- Instructions for the task -
Extract each line holding the word "denominator" from the entries.
[Exercise inputs — start]
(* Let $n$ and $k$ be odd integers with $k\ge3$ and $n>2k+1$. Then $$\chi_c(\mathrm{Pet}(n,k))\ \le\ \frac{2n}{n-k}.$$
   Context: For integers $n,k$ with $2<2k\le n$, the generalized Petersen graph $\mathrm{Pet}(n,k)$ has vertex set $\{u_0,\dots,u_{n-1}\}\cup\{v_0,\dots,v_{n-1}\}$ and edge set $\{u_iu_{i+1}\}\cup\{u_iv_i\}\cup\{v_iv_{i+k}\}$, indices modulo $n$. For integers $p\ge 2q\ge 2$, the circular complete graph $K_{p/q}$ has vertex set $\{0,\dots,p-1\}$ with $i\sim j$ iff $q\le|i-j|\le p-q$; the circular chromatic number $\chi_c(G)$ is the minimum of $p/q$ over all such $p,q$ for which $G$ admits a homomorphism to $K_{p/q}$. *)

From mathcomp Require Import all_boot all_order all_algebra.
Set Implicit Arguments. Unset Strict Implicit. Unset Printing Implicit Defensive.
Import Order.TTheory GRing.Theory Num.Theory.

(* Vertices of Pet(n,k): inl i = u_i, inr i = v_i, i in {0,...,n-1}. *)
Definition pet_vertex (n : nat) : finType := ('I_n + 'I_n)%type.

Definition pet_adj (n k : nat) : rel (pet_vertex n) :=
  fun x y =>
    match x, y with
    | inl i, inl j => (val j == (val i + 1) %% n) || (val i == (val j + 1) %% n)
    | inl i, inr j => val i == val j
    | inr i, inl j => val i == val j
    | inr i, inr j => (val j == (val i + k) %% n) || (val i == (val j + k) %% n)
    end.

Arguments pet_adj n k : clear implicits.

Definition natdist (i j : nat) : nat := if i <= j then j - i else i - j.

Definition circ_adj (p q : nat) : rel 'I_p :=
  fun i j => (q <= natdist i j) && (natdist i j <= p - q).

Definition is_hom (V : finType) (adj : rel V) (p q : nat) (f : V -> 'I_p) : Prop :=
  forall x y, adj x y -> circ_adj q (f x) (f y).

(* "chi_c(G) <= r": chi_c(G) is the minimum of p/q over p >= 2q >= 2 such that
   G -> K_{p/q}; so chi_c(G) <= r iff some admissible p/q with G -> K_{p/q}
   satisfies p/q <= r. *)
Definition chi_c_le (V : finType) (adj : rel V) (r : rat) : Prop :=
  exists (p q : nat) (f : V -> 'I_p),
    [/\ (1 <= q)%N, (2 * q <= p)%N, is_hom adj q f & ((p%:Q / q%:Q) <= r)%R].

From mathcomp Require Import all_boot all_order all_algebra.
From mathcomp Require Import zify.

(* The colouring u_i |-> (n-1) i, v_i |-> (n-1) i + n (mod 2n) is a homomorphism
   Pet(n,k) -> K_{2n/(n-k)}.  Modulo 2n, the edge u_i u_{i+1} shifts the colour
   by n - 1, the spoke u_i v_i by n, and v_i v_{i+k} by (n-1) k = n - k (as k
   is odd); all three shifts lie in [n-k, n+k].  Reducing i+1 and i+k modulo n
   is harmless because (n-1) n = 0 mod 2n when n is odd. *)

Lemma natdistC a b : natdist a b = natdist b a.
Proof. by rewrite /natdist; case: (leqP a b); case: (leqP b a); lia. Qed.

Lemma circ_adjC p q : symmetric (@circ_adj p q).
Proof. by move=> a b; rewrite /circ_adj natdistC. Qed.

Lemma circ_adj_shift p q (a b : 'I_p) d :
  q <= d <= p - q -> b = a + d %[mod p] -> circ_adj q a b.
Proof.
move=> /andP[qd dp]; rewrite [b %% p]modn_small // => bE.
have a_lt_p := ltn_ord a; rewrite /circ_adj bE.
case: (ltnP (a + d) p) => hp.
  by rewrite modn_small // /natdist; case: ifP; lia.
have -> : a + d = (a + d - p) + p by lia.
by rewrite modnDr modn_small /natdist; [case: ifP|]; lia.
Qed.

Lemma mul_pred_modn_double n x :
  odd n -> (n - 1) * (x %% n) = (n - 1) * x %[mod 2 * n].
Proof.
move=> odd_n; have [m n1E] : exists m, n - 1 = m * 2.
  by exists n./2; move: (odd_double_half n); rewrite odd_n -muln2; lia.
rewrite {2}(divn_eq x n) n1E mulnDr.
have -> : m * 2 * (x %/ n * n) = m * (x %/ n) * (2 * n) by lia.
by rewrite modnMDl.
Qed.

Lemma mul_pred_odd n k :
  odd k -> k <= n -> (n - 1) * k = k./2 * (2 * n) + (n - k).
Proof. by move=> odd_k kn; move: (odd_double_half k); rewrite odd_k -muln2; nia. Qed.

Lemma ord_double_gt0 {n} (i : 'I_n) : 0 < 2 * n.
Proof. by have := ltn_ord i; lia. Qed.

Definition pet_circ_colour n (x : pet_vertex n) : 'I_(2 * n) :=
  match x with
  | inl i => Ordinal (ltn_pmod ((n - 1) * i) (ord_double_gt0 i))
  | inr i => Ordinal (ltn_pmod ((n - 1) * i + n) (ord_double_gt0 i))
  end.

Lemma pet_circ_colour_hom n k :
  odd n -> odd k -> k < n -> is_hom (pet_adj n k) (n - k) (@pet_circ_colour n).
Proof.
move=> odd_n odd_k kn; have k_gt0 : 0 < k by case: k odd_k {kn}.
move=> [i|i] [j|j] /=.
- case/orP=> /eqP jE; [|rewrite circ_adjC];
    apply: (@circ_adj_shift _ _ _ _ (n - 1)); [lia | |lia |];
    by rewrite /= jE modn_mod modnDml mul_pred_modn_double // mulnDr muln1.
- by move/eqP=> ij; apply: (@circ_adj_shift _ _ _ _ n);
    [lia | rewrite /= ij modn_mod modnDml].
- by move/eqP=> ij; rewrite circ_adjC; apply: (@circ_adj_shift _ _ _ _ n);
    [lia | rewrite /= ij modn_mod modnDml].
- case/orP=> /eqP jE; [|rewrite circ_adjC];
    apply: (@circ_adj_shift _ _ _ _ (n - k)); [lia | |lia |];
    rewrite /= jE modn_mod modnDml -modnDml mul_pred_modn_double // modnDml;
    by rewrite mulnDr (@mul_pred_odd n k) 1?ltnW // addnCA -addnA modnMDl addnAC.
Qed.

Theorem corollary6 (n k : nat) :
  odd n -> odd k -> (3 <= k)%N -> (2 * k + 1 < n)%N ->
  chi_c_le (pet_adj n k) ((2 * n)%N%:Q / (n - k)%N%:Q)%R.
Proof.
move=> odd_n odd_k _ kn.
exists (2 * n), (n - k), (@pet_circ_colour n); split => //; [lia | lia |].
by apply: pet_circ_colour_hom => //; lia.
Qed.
[Exercise inputs — finish]
[Exercise inputs — start]
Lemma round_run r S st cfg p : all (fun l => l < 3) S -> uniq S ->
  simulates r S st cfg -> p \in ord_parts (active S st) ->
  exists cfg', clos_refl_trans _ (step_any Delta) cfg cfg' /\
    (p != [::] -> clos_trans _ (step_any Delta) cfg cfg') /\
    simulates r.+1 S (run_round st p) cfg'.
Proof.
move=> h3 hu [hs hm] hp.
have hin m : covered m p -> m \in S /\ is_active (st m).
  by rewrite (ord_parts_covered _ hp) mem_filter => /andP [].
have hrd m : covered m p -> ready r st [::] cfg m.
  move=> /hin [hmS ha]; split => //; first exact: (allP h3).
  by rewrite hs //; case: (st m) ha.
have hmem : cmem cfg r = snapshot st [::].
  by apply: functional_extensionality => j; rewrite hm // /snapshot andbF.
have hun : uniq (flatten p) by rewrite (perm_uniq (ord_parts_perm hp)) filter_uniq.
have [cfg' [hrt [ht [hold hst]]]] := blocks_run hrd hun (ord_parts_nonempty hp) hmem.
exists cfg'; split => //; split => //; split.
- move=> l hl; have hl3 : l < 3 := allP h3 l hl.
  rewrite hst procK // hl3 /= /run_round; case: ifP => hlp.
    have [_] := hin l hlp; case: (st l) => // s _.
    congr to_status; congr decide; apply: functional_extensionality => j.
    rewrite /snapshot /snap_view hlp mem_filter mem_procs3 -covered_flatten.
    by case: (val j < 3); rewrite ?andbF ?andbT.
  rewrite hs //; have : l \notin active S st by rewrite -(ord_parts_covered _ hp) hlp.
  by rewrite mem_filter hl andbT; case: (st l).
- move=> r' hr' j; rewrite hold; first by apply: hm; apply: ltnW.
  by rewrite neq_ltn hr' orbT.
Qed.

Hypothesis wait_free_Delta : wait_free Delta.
[Exercise inputs — finish]
[Exercise inputs — start]
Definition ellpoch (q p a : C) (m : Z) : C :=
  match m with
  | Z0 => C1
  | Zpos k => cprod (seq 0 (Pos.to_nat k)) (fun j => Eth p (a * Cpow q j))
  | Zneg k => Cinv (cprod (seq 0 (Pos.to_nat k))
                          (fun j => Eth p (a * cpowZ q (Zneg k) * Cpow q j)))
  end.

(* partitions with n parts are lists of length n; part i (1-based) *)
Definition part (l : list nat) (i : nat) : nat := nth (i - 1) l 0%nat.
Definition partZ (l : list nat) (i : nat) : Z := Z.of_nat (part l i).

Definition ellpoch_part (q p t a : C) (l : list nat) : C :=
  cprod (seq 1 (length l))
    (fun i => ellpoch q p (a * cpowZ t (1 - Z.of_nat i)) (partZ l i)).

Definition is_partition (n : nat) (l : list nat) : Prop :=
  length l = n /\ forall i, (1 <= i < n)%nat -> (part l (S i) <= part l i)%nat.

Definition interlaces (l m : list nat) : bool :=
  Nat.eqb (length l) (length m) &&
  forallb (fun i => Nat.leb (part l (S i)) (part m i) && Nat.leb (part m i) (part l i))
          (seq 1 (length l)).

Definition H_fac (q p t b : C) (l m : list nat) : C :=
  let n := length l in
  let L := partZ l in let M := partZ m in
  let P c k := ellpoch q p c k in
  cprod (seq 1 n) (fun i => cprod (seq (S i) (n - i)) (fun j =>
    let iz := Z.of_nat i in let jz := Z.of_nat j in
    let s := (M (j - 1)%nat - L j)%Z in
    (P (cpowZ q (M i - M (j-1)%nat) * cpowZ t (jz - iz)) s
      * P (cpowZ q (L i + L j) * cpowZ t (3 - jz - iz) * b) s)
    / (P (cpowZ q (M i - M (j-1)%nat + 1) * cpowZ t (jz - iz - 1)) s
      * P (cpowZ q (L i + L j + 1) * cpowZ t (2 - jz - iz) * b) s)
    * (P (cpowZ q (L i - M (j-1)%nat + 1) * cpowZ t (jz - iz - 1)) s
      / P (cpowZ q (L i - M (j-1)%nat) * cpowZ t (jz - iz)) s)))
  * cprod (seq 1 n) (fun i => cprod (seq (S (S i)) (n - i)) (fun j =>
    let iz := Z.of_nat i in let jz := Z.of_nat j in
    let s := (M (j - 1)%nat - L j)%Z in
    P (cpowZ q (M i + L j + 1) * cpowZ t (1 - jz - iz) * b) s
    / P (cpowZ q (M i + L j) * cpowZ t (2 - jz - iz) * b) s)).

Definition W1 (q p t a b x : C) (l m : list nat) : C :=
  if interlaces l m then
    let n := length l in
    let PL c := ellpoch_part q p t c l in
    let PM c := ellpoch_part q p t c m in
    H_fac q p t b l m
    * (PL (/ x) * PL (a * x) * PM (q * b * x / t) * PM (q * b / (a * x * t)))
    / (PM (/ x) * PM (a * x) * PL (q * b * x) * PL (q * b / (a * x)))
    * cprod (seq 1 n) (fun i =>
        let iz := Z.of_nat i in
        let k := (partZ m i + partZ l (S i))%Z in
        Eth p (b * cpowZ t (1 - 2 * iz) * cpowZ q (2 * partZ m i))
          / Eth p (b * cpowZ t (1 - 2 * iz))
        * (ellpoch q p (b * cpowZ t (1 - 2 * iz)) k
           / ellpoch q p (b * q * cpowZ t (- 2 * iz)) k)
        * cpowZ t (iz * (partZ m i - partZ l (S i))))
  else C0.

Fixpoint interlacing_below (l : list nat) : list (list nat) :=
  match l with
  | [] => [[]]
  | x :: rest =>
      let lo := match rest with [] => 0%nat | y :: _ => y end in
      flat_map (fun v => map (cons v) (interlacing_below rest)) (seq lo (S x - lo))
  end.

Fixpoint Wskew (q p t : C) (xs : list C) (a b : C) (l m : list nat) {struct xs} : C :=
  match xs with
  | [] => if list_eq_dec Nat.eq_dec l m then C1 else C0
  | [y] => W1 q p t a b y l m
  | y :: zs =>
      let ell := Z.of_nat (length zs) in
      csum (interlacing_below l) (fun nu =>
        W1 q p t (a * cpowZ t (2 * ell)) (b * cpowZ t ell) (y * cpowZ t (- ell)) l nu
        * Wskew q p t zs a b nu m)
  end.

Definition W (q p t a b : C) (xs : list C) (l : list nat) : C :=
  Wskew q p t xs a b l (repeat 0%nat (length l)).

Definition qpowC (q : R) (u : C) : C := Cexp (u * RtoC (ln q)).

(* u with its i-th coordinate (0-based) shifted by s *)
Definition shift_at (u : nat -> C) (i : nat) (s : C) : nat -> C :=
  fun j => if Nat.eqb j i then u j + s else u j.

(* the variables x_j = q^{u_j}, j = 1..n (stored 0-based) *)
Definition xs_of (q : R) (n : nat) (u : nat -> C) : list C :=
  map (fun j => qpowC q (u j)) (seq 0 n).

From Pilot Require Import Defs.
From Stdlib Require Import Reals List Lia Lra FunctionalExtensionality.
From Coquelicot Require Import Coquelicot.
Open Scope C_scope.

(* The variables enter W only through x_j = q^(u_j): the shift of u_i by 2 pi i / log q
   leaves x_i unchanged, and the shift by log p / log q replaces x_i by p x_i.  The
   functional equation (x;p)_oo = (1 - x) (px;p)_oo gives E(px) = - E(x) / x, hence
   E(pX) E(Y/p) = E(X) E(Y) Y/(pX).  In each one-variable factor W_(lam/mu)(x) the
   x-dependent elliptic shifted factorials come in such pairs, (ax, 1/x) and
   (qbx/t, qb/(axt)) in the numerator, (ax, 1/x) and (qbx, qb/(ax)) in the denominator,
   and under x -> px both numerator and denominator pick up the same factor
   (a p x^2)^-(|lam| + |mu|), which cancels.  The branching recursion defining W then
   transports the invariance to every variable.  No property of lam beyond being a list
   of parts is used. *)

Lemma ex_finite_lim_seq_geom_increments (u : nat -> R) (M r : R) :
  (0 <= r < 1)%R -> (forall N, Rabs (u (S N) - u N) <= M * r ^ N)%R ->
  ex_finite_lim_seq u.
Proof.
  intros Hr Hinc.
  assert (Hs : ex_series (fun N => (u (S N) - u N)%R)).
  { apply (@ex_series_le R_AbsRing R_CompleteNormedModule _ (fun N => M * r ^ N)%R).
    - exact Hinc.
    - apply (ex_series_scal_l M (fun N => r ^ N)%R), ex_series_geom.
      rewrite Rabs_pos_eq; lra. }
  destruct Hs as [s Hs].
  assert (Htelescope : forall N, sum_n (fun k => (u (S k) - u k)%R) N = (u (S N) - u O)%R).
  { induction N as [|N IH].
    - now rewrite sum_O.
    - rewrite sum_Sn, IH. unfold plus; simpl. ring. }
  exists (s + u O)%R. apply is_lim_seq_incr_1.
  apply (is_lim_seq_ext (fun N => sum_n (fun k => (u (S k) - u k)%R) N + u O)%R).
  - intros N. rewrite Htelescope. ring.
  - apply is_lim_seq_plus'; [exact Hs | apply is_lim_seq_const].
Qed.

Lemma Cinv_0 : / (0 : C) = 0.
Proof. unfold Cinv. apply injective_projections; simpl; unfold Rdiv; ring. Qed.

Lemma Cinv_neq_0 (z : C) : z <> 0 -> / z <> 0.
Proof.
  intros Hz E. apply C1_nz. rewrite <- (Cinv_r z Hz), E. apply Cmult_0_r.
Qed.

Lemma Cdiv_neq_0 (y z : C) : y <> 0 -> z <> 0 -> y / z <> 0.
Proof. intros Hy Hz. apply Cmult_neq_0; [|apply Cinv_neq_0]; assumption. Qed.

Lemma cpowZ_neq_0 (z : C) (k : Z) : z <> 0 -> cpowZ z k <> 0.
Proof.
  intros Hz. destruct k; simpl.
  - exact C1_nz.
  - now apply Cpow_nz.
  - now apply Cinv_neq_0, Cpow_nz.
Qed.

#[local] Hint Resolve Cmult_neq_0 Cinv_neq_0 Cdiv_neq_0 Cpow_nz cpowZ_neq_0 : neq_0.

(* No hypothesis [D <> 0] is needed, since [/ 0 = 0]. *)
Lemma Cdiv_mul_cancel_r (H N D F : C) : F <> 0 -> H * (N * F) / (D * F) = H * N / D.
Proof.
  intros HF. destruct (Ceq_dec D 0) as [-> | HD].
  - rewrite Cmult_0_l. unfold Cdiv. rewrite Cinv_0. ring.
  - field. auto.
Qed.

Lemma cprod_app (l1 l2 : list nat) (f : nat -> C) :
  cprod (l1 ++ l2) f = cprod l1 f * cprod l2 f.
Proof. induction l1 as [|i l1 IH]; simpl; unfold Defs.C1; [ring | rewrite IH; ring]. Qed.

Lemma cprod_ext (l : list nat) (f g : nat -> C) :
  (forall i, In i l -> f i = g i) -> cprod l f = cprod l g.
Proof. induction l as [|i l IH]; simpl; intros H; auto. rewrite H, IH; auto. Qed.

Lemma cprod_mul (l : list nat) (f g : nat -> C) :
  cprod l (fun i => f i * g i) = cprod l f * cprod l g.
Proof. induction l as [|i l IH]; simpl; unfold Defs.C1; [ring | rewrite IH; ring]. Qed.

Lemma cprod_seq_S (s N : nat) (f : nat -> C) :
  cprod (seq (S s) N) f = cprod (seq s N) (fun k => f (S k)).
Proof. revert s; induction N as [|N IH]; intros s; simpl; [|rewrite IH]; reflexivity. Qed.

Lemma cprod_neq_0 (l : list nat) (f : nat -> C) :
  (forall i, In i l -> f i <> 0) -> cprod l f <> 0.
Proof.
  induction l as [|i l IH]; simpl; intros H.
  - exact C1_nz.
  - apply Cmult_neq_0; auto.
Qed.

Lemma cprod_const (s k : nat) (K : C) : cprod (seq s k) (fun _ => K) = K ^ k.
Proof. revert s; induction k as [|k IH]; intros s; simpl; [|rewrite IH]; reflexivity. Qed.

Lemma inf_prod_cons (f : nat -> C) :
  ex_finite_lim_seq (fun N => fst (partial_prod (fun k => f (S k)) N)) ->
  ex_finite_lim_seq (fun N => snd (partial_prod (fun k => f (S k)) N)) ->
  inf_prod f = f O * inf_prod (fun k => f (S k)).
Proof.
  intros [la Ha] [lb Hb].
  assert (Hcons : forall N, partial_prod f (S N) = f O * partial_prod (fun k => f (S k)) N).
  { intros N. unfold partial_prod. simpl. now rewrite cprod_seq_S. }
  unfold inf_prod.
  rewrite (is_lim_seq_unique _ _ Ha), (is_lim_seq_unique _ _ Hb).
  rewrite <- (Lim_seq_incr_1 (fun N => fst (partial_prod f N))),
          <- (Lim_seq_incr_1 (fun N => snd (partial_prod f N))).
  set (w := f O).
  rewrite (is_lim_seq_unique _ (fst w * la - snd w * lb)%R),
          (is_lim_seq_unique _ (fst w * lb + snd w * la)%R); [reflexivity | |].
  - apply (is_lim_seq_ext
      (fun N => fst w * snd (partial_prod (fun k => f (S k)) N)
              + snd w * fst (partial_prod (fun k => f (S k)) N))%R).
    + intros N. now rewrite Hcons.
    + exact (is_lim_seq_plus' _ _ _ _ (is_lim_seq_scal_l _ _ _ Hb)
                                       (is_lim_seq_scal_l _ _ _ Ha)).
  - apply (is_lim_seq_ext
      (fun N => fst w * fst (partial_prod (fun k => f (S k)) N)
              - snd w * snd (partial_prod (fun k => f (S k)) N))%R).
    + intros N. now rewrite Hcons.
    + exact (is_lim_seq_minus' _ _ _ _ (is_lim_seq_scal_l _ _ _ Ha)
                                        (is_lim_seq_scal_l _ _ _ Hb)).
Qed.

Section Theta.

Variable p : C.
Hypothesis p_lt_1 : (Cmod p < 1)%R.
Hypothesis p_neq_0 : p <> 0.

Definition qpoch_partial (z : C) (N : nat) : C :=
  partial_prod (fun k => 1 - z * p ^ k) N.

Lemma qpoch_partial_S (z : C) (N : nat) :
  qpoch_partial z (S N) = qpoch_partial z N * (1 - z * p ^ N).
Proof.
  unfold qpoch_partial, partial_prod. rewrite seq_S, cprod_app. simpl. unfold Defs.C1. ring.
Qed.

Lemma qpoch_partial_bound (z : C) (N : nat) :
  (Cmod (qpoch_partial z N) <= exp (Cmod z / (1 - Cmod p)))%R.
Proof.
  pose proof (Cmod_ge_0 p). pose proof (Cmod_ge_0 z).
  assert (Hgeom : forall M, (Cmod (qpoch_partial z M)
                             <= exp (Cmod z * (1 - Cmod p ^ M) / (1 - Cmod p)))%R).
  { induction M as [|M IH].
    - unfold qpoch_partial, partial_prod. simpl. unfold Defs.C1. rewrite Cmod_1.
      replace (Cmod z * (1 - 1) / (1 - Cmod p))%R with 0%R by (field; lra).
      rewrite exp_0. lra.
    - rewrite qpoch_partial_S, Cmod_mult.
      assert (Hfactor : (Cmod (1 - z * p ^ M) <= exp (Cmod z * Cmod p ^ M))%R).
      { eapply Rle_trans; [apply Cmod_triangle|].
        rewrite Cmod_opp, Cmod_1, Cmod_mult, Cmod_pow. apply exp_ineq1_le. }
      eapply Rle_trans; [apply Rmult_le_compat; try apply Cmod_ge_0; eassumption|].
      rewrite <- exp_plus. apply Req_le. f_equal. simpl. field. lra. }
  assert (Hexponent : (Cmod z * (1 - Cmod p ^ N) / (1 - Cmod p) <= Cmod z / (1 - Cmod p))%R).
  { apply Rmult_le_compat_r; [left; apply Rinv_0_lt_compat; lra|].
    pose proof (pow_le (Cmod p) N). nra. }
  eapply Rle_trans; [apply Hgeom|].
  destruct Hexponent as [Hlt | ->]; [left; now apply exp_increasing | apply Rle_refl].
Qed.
[Exercise inputs — finish]
- Response box -
   (qbx/t, qb/(axt)) in the numerator, (ax, 1/x) and (qbx, qb/(ax)) in the denominator,
   and under x -> px both numerator and denominator pick up the same factor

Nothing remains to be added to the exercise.